# Stored data entries
○ ○ ○ ○ ○
(* Let $\mathcal U$ be a finite set and $R$ an $n(R)$-place relation on $\mathcal U$. Then $\lambda_1(R)\le\lambda'_0(R)+1$, and if equality holds then $\lambda_1(R)\le 2^{2^{n(R)^2}}$.
   Context: For $a\in\mathcal U$ and $A\subseteq\mathcal U$, $\mathrm{tp}_{\mathrm{bs}}(a,A,R)$ is the set of formulas $\varphi(x,\bar a)$ with $\bar a$ a tuple from $A$ and $\varphi(x,\bar y)$ an atomic or negated atomic formula in the vocabulary $\{R,=\}$ such that $(\mathcal U,R)\models\varphi(a,\bar a)$. $\lambda_1(R)=\max_{A\subseteq\mathcal U}|\{\mathrm{tp}_{\mathrm{bs}}(a,A,R):a\in\mathcal U\setminus A\}|$. For $A\subseteq\mathcal U$ and $n(R)$-tuples $\bar b,\bar c$, $\bar b\approx_A\bar c$ means: $b_i\in A\iff c_i\in A$; $b_i\in A\Rightarrow b_i=c_i$; and $b_i=b_j\iff c_i=c_j$. $\lambda'_0(R)$ is the least $|A|$ over $A\subseteq\mathcal U$ such that $\bar b\approx_A\bar c$ implies ($R(\bar b)\iff R(\bar c)$) for all $n(R)$-tuples $\bar b,\bar c$ from $\mathcal U$. *)

From mathcomp Require Import all_boot.
Set Implicit Arguments. Unset Strict Implicit. Unset Printing Implicit Defensive.

Section Types.
Variables (U : finType) (n : nat).

(* Terms in one free variable x with parameters from U:
   None = the variable x, Some c = the parameter c. *)
Definition term := option U.
(* Atomic formulas in the vocabulary {R, =}: t1 = t2, or R(t_1,...,t_n). *)
Definition atom := ((term * term) + n.-tuple term)%type.
(* Literal: atomic formula (true) or negated atomic formula (false). *)
Definition literal := (atom * bool)%type.

Definition eval_term (a : U) (t : term) : U :=
  match t with None => a | Some c => c end.

Definition atom_holds (R : n.-tuple U -> bool) (a : U) (f : atom) : bool :=
  match f with
  | inl (t1, t2) => eval_term a t1 == eval_term a t2
  | inr ts => R (map_tuple (eval_term a) ts)
  end.

Definition lit_holds R a (l : literal) : bool := atom_holds R a l.1 == l.2.

Definition term_in (A : {set U}) (t : term) : bool :=
  match t with None => true | Some c => c \in A end.

Definition atom_params_in (A : {set U}) (f : atom) : bool :=
  match f with
  | inl (t1, t2) => term_in A t1 && term_in A t2
  | inr ts => all (term_in A) ts
  end.

Definition tp_bs (a : U) (A : {set U}) (R : n.-tuple U -> bool) : {set literal} :=
  [set l : literal | atom_params_in A l.1 && lit_holds R a l].

Definition lambda1 (R : n.-tuple U -> bool) : nat :=
  \max_(A : {set U}) #|[set tp_bs a A R | a in ~: A]|.

Definition approx (A : {set U}) (b c : n.-tuple U) : bool :=
  [forall i : 'I_n,
     [&& ((tnth b i \in A) == (tnth c i \in A)),
         ((tnth b i \in A) ==> (tnth b i == tnth c i)) &
         [forall j : 'I_n, (tnth b i == tnth b j) == (tnth c i == tnth c j)]]].

Definition good (R : n.-tuple U -> bool) (A : {set U}) : bool :=
  [forall b : n.-tuple U, forall c : n.-tuple U, approx A b c ==> (R b == R c)].

(* lambda'_0(R): least |A| with A good. The default #|U| is harmless since
   setT is always good and has size #|U|. *)
Definition lambda0' (R : n.-tuple U -> bool) : nat :=
  \big[minn/#|U|]_(A : {set U} | good R A) #|A|.

End Types.

From mathcomp Require Import all_boot.
Set Implicit Arguments. Unset Strict Implicit. Unset Printing Implicit Defensive.

(* Fix a good set B of minimal size. Each element of B \ A realises one type
   over A, while all elements outside A :|: B realise the same type, since
   goodness of B lets one exchange them inside R; hence lambda1 <= |B| + 1.
   Equality forces A and B to be disjoint.  Then, for a outside A, the truth
   of R at a tuple of terms over A depends only on the equality pattern of
   the tuple (which entries coincide, which are the variable), so the type of
   a is determined by a boolean function on the at most 2^(n^2) patterns. *)

Section BasicTypes.
Variables (U : finType) (n : nat) (R : n.-tuple U -> bool).

Definition bs_types (A : {set U}) : {set {set literal U n}} :=
  [set tp_bs a A R | a in ~: A].

Lemma goodP (B : {set U}) (b c : n.-tuple U) :
  good R B -> approx B b c -> R b = R c.
Proof.
by move=> /forallP/(_ b)/forallP/(_ c)/implyP gB /gB/eqP.
Qed.

Lemma goodT : good R setT.
Proof.
apply/forallP => b; apply/forallP => c; apply/implyP => /forallP bc.
suff -> : b = c by [].
by apply: eq_from_tnth => i; have /and3P[_ /[!inE]/eqP -> _] := bc i.
Qed.

Lemma eval_term_eq_out (A : {set U}) a t1 t2 :
  a \notin A -> term_in A t1 -> term_in A t2 ->
  (eval_term a t1 == eval_term a t2) = (t1 == t2).
Proof.
move=> aA; case: t1 => [c1|] /=; case: t2 => [c2|] //= c1A c2A; rewrite ?eqxx //.
- by apply/negbTE; apply: contra aA => /eqP <-.
- by apply/negbTE; apply: contra aA => /eqP ->.
Qed.

Lemma approx_eval_terms (A B : {set U}) a a' (ts ts' : n.-tuple (term U)) :
  a \notin A -> a' \notin A -> all (term_in A) ts -> all (term_in A) ts' ->
  (forall i, (eval_term a (tnth ts i) \in B) = (eval_term a' (tnth ts' i) \in B)) ->
  (forall i, eval_term a (tnth ts i) \in B ->
     eval_term a (tnth ts i) = eval_term a' (tnth ts' i)) ->
  (forall i j, (tnth ts i == tnth ts j) = (tnth ts' i == tnth ts' j)) ->
  approx B (map_tuple (eval_term a) ts) (map_tuple (eval_term a') ts').
Proof.
move=> aA a'A tsA ts'A memB eqB pat; apply/forallP => i.
rewrite !tnth_map; apply/and3P; split; first by rewrite memB.
  by apply/implyP => /eqB ->.
apply/forallP => j; rewrite !tnth_map.
rewrite (eval_term_eq_out aA (all_tnthP tsA i) (all_tnthP tsA j)).
by rewrite (eval_term_eq_out a'A (all_tnthP ts'A i) (all_tnthP ts'A j)) pat.
Qed.

Lemma tp_bs_eq_out (A B : {set U}) a a' : good R B ->
  a \notin A -> a' \notin A -> a \notin B -> a' \notin B ->
  tp_bs a A R = tp_bs a' A R.
Proof.
move=> gB aA a'A aB a'B; apply/setP => -[f b]; rewrite !inE /=.
case fA: (atom_params_in A f) => //=; rewrite /lit_holds /=.
case: f fA => [[t1 t2]|ts] /= fA.
  by case/andP: fA => t1A t2A; rewrite !(eval_term_eq_out _ t1A t2A).
rewrite (goodP gB (approx_eval_terms aA a'A fA fA _ _ _)) // => i.
  by case: (tnth ts i) => //=; rewrite (negbTE aB) (negbTE a'B).
by case: (tnth ts i) => //=; rewrite (negbTE aB).
Qed.

Lemma card_bs_types (A B : {set U}) : good R B ->
  #|bs_types A| <= #|B :\: A| + 1.
Proof.
move=> gB; rewrite /bs_types -(setID (~: A) B) imsetU.
apply: leq_trans (leq_card_setU _ _) _; apply: leq_add.
  by apply: leq_trans (leq_imset_card _ _) _; rewrite setDE setIC.
have [->|[a0 a0_out]] := set_0Vmem (~: A :\: B); first by rewrite imset0 cards0.
rewrite -(cards1 (tp_bs a0 A R)); apply: subset_leq_card.
apply/subsetP => _ /imsetP[a a_out ->]; rewrite inE; apply/eqP.
move: a_out a0_out; rewrite !inE => /andP[aB aA] /andP[a0B a0A].
exact: tp_bs_eq_out gB aA a0A aB a0B.
Qed.

Lemma disjoint_of_card_bs_types (A B : {set U}) : good R B ->
  #|bs_types A| = #|B| + 1 -> A :&: B = set0.
Proof.
move=> gB cardAB; have := card_bs_types A gB.
rewrite cardAB leq_add2r => /(conj (subsetDl B A))/andP.
rewrite -eqEcard => /eqP BA; apply/setP => x; rewrite !inE.
by apply/negbTE/andP => -[xA]; rewrite -BA inE xA.
Qed.

(* The diagonal records which entries are the variable. *)
Definition term_pattern (ts : n.-tuple (term U)) : {ffun 'I_n * 'I_n -> bool} :=
  [ffun p => if p.1 == p.2 then tnth ts p.1 == None
             else tnth ts p.1 == tnth ts p.2].

Lemma term_pattern_eq (ts ts' : n.-tuple (term U)) i j :
  term_pattern ts = term_pattern ts' ->
  (tnth ts i == tnth ts j) = (tnth ts' i == tnth ts' j).
Proof.
move=> /ffunP/(_ (i, j)); rewrite !ffunE /=.
by case: eqP => [->|_] //; rewrite !eqxx.
Qed.

Lemma term_pattern_var (ts ts' : n.-tuple (term U)) i :
  term_pattern ts = term_pattern ts' ->
  (tnth ts i == None) = (tnth ts' i == None).
Proof. by move=> /ffunP/(_ (i, i)); rewrite !ffunE /= eqxx. Qed.

Section DisjointGoodSet.
Variables (A B : {set U}).
Hypotheses (gB : good R B) (AB0 : A :&: B = set0).

Lemma eval_term_in_good a t : term_in A t ->
  (eval_term a t \in B) = (t == None) && (a \in B).
Proof.
case: t => [c|] //= cA; apply/negbTE/negP => cB.
by have := in_set0 c; rewrite -AB0 inE cA cB.
Qed.

Lemma R_eval_term_pattern a (ts ts' : n.-tuple (term U)) :
  a \notin A -> all (term_in A) ts -> all (term_in A) ts' ->
  term_pattern ts = term_pattern ts' ->
  R (map_tuple (eval_term a) ts) = R (map_tuple (eval_term a) ts').
Proof.
move=> aA tsA ts'A pat; apply: (goodP gB); apply: (approx_eval_terms aA aA tsA ts'A).
- move=> i; rewrite !eval_term_in_good ?(all_tnthP tsA) ?(all_tnthP ts'A) //.
  by rewrite (term_pattern_var i pat).
- move=> i; rewrite eval_term_in_good ?(all_tnthP tsA) // => /andP[/eqP tsi _].
  by move: (term_pattern_var i pat); rewrite tsi eqxx => /esym/eqP ->.
- by move=> i j; apply: term_pattern_eq.
Qed.

Definition pattern_truth a : {ffun {ffun 'I_n * 'I_n -> bool} -> bool} :=
  [ffun p => [exists ts : n.-tuple (term U),
     [&& all (term_in A) ts, term_pattern ts == p & R (map_tuple (eval_term a) ts)]]].

Definition atom_pattern_holds (f : {ffun {ffun 'I_n * 'I_n -> bool} -> bool})
    (x : atom U n) : bool :=
  match x with
  | inl (t1, t2) => t1 == t2
  | inr ts => f (term_pattern ts)
  end.

Definition pattern_literals f : {set literal U n} :=
  [set l : literal U n | atom_params_in A l.1 && (atom_pattern_holds f l.1 == l.2)].

Lemma tp_bs_pattern a : a \notin A -> tp_bs a A R = pattern_literals (pattern_truth a).
Proof.
move=> aA; apply/setP => -[f b]; rewrite !inE /=.
case fA: (atom_params_in A f) => //=; rewrite /lit_holds /=.
case: f fA => [[t1 t2]|ts] /= fA.
  by case/andP: fA => t1A t2A; rewrite (eval_term_eq_out _ t1A t2A).
rewrite ffunE; congr (_ == b); apply/idP/existsP.
  by move=> Rts; exists ts; rewrite fA eqxx Rts.
by case=> ts' /and3P[ts'A /eqP pat Rts']; rewrite -(R_eval_term_pattern aA ts'A fA pat).
Qed.

Lemma card_bs_types_disjoint : #|bs_types A| <= 2 ^ (2 ^ (n ^ 2)).
Proof.
have -> : bs_types A = [set pattern_literals f | f in [set pattern_truth a | a in ~: A]].
  rewrite -imset_comp; apply: eq_in_imset => a; rewrite inE.
  exact: tp_bs_pattern.
apply: leq_trans (leq_imset_card _ _) _; apply: leq_trans (max_card _) _.
by rewrite card_ffun card_bool card_ffun card_prod card_bool !card_ord.
Qed.

End DisjointGoodSet.

Lemma lambda0'_attained : exists2 B, good R B & #|B| = lambda0' R.
Proof.
apply: (big_ind (fun m => exists2 B, good R B & #|B| = m)).
- by exists setT; [exact: goodT | rewrite cardsT].
- move=> x y [B1 gB1 <-] [B2 gB2 <-]; rewrite /minn.
  by case: ltnP => _; [exists B1 | exists B2].
- by move=> B gB; exists B.
Qed.

Lemma lambda1_attained : exists A, lambda1 R = #|bs_types A|.
Proof. by exists [arg max_(A > setT) #|bs_types A|]; apply: bigmax_eq_arg. Qed.

End BasicTypes.

Theorem fact3p2 (U : finType) (n : nat) (R : n.-tuple U -> bool) :
  lambda1 R <= lambda0' R + 1 /\
  (lambda1 R = lambda0' R + 1 -> lambda1 R <= 2 ^ (2 ^ (n ^ 2))).
Proof.
have [B gB <-] := lambda0'_attained R.
have [A ->] := lambda1_attained R.
split=> [|cardAB].
  by apply: leq_trans (card_bs_types A gB) _; rewrite leq_add2r subset_leq_card ?subsetDl.
exact: card_bs_types_disjoint gB (disjoint_of_card_bs_types gB cardAB).
Qed.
○ ○ ○ ○ ○
One figure is all that is needed: the number of lines above in which the word "Some" appears.

# Task answer
3